Material shown »
———

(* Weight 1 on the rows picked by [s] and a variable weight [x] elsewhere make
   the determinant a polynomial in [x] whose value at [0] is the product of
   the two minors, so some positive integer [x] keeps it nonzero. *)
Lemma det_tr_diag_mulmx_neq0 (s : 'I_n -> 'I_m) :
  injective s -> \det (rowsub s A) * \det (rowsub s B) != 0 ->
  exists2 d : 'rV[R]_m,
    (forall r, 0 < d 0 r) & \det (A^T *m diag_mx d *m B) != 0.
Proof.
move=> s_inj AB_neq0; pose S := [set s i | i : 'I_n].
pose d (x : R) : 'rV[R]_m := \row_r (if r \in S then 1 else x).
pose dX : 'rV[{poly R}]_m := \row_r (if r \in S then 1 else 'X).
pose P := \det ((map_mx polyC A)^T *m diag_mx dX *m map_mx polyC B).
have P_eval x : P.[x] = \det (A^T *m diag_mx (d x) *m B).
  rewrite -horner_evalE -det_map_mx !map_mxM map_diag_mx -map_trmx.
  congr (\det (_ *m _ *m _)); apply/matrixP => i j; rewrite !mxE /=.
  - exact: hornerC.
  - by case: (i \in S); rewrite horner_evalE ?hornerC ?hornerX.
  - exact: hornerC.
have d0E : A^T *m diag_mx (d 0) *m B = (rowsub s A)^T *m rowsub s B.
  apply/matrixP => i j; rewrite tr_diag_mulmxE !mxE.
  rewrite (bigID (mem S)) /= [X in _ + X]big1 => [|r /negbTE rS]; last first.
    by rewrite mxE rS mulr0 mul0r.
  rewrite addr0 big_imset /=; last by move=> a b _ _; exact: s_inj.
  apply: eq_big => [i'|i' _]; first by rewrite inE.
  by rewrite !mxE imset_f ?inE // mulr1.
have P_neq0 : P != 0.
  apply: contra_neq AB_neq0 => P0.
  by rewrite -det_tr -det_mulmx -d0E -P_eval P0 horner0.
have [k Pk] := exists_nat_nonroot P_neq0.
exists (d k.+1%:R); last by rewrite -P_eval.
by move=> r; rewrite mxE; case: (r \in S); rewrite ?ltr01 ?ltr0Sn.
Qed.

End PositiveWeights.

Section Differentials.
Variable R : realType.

———

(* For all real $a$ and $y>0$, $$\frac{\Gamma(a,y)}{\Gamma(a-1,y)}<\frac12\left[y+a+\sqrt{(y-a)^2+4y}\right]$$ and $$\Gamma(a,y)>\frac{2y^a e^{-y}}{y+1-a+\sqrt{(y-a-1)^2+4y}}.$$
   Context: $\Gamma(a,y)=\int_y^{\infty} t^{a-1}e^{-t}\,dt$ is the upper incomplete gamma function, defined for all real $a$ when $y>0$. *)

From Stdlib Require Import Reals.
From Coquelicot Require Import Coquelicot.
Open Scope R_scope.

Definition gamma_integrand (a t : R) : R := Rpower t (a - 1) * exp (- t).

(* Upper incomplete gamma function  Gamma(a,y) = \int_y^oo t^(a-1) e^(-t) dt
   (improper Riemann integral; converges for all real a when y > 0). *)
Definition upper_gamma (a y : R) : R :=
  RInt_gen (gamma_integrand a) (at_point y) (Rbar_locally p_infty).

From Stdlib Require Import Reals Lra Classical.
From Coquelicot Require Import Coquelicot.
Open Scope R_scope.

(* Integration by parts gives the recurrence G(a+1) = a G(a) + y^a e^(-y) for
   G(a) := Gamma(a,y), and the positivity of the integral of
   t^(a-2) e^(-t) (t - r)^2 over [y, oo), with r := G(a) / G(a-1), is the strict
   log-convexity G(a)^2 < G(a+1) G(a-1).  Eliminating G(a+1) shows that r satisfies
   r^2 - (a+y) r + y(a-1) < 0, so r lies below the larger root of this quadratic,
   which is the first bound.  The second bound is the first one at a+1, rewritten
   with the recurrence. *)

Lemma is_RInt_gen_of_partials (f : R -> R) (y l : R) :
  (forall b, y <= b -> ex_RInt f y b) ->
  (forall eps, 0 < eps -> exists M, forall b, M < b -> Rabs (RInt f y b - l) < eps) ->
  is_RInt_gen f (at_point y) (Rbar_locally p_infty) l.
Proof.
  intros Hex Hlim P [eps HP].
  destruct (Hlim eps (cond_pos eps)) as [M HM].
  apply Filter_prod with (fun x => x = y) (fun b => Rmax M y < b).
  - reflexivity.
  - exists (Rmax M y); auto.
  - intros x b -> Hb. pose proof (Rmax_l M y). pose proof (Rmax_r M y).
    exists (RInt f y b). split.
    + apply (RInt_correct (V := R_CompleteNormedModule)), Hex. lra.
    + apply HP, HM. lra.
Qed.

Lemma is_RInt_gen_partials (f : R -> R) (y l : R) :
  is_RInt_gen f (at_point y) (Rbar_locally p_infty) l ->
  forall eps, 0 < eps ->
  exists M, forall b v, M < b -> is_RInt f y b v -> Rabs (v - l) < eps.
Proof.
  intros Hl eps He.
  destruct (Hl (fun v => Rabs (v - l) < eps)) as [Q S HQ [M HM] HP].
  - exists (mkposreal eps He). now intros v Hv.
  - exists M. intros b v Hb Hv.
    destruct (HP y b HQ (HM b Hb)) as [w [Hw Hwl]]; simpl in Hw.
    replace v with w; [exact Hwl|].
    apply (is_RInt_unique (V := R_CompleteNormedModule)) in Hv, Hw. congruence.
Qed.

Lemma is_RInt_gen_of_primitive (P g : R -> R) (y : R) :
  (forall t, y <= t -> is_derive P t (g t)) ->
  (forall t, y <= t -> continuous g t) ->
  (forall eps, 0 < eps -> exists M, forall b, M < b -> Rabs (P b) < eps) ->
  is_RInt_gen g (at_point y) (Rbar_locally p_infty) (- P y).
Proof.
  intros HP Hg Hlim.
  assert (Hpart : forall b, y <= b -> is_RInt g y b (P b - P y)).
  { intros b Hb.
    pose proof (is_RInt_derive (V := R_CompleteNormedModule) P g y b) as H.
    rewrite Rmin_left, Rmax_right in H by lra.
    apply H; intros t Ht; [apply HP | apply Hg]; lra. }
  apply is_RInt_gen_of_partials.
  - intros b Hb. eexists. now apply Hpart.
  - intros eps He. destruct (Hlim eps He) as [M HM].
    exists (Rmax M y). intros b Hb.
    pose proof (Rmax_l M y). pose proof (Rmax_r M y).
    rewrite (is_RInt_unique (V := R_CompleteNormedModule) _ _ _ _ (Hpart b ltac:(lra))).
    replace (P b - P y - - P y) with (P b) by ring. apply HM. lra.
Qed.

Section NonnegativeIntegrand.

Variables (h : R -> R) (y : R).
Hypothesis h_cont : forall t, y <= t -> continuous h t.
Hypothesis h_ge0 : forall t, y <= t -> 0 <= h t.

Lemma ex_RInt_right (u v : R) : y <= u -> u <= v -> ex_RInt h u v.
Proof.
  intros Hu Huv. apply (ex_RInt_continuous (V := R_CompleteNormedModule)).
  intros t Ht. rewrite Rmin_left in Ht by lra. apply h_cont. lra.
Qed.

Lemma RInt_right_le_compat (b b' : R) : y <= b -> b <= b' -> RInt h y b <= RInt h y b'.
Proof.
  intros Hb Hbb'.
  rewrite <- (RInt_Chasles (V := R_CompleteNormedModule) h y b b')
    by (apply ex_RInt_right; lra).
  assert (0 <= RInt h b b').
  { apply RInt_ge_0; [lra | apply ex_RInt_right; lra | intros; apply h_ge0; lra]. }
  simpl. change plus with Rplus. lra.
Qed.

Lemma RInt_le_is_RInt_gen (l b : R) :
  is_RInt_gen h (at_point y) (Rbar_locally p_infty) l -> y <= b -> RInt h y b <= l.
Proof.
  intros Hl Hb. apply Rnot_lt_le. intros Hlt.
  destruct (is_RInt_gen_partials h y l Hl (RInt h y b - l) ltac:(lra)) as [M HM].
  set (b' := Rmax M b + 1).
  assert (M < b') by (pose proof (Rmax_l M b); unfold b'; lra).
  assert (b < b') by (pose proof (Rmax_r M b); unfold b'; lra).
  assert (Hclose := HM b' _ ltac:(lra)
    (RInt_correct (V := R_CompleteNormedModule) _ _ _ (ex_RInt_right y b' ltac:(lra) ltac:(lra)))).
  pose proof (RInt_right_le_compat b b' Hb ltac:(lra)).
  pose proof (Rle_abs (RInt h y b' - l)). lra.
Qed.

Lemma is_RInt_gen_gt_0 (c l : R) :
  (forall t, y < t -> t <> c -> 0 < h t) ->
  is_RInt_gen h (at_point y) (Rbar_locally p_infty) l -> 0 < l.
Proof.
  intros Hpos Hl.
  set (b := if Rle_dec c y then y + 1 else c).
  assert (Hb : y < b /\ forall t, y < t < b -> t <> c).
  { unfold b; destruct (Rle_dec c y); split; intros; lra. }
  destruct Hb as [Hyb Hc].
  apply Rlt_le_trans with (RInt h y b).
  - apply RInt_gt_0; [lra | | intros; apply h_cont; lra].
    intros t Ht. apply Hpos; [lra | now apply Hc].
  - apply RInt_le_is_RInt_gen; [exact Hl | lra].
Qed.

———

Task requirements » Would you print, exactly as written, every line above from the one holding "(* Weight 1" through the one holding "apply/matrixP => i j; rewrite tr_diag_mulmxE", with both included and no other lines?

Task response »
(* Weight 1 on the rows picked by [s] and a variable weight [x] elsewhere make
   the determinant a polynomial in [x] whose value at [0] is the product of
   the two minors, so some positive integer [x] keeps it nonzero. *)
Lemma det_tr_diag_mulmx_neq0 (s : 'I_n -> 'I_m) :
  injective s -> \det (rowsub s A) * \det (rowsub s B) != 0 ->
  exists2 d : 'rV[R]_m,
    (forall r, 0 < d 0 r) & \det (A^T *m diag_mx d *m B) != 0.
Proof.
move=> s_inj AB_neq0; pose S := [set s i | i : 'I_n].
pose d (x : R) : 'rV[R]_m := \row_r (if r \in S then 1 else x).
pose dX : 'rV[{poly R}]_m := \row_r (if r \in S then 1 else 'X).
pose P := \det ((map_mx polyC A)^T *m diag_mx dX *m map_mx polyC B).
have P_eval x : P.[x] = \det (A^T *m diag_mx (d x) *m B).
  rewrite -horner_evalE -det_map_mx !map_mxM map_diag_mx -map_trmx.
  congr (\det (_ *m _ *m _)); apply/matrixP => i j; rewrite !mxE /=.
  - exact: hornerC.
  - by case: (i \in S); rewrite horner_evalE ?hornerC ?hornerX.
  - exact: hornerC.
have d0E : A^T *m diag_mx (d 0) *m B = (rowsub s A)^T *m rowsub s B.
  apply/matrixP => i j; rewrite tr_diag_mulmxE !mxE.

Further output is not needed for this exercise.